* **To do**
From the data below, return the exact lines starting at the line containing "rewrite -sumrN; apply: eq_bigr => k _." and ending at the line containing "rewrite [in LHS]exchange_big", both included, and nothing else.
◇ ◇ ◇ ◇ ◇
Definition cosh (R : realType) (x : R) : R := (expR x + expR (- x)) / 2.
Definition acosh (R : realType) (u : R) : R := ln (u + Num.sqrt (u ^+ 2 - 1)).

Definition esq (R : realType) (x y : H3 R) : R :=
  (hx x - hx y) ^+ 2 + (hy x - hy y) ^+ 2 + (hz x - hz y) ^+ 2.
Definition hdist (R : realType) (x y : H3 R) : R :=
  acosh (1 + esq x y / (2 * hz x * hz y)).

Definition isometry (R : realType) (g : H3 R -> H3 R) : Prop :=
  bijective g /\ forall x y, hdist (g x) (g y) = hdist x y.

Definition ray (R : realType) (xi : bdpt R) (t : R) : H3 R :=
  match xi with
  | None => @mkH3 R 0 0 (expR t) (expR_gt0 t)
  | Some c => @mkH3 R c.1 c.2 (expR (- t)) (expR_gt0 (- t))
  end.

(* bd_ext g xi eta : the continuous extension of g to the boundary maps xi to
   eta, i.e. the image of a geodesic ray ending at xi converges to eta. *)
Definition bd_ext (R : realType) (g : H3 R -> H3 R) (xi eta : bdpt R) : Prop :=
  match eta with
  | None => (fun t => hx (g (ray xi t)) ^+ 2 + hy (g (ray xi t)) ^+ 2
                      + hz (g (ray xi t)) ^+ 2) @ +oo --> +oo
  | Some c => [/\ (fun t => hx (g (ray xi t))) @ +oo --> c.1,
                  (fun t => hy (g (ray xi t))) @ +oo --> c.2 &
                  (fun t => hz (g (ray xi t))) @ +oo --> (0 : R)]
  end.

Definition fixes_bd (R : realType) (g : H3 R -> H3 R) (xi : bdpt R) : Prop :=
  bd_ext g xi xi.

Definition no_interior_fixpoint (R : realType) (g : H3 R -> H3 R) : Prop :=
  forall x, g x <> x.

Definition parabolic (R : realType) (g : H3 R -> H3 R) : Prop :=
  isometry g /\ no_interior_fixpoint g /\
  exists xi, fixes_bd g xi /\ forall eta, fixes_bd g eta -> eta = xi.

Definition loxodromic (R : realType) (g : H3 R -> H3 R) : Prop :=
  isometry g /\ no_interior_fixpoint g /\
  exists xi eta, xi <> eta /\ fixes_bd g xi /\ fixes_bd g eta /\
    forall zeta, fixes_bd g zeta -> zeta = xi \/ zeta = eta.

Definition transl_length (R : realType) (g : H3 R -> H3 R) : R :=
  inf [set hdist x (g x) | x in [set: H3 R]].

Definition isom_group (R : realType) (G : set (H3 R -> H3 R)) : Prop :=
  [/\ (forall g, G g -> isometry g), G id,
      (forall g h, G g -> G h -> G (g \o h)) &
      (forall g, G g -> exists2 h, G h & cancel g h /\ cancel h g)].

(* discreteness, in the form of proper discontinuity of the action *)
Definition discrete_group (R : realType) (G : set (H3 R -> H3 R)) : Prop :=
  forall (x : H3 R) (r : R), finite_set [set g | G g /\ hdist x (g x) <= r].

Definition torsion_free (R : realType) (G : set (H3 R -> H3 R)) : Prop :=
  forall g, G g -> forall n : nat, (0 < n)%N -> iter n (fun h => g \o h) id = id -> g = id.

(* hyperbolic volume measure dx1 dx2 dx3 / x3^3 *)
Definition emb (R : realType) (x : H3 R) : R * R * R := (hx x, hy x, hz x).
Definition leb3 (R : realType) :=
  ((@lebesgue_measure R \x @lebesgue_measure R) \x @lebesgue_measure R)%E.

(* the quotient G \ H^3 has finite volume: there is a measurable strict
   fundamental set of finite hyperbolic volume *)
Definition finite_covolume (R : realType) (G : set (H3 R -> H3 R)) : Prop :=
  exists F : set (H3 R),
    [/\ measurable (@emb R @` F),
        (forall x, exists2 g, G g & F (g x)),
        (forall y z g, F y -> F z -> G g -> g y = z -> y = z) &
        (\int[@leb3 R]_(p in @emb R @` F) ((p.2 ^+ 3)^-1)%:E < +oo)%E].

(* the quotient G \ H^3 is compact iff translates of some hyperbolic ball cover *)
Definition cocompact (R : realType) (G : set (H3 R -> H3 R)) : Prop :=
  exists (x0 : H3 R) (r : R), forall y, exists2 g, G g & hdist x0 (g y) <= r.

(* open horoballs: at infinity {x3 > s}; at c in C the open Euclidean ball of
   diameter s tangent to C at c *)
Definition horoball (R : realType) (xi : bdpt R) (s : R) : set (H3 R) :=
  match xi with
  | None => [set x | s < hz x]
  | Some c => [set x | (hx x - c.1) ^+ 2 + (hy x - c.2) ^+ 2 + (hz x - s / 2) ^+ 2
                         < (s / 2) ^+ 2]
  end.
◇ ◇ ◇ ◇ ◇
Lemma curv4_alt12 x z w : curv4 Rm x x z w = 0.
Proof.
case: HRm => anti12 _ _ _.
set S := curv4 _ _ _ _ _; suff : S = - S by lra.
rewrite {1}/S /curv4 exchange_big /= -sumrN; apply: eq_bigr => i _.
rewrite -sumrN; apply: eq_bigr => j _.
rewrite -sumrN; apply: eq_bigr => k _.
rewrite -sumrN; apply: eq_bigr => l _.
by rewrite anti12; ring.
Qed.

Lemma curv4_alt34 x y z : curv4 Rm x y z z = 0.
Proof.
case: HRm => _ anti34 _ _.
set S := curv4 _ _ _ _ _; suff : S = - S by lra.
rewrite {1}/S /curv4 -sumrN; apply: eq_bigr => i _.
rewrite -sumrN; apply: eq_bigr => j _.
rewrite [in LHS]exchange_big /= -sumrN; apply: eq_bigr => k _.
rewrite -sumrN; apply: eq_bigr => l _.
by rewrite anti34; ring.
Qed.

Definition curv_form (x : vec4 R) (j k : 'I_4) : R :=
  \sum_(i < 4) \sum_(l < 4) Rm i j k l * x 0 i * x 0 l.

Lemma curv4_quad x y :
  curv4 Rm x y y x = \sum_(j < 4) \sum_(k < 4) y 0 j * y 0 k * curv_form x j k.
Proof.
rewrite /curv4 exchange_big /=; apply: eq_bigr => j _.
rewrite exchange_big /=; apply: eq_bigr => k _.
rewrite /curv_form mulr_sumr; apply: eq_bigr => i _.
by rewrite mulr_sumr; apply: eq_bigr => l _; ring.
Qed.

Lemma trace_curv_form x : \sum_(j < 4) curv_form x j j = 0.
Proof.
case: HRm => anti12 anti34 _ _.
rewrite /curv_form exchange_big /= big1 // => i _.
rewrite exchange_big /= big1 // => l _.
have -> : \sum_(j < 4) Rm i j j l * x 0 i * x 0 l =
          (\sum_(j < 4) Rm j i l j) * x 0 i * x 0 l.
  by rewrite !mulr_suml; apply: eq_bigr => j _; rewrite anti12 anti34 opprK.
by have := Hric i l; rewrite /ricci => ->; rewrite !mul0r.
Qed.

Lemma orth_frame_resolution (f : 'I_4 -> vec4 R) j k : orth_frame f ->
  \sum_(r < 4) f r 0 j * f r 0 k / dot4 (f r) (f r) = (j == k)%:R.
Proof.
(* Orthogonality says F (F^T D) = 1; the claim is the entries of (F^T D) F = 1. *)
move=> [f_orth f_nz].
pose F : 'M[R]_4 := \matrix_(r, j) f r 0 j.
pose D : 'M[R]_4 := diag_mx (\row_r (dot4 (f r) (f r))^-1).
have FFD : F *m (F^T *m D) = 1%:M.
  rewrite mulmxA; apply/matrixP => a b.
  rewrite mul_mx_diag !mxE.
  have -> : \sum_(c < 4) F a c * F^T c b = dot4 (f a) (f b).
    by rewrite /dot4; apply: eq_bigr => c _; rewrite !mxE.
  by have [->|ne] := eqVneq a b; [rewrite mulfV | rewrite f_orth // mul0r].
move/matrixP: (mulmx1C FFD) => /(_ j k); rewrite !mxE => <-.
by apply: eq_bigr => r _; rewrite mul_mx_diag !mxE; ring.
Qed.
◇ ◇ ◇ ◇ ◇
* **Your solution**
rewrite -sumrN; apply: eq_bigr => k _.
rewrite -sumrN; apply: eq_bigr => l _.
by rewrite anti12; ring.
Qed.

Lemma curv4_alt34 x y z : curv4 Rm x y z z = 0.
Proof.
case: HRm => _ anti34 _ _.
set S := curv4 _ _ _ _ _; suff : S = - S by lra.
rewrite {1}/S /curv4 -sumrN; apply: eq_bigr => i _.
rewrite -sumrN; apply: eq_bigr => j _.
rewrite [in LHS]exchange_big /= -sumrN; apply: eq_bigr => k _.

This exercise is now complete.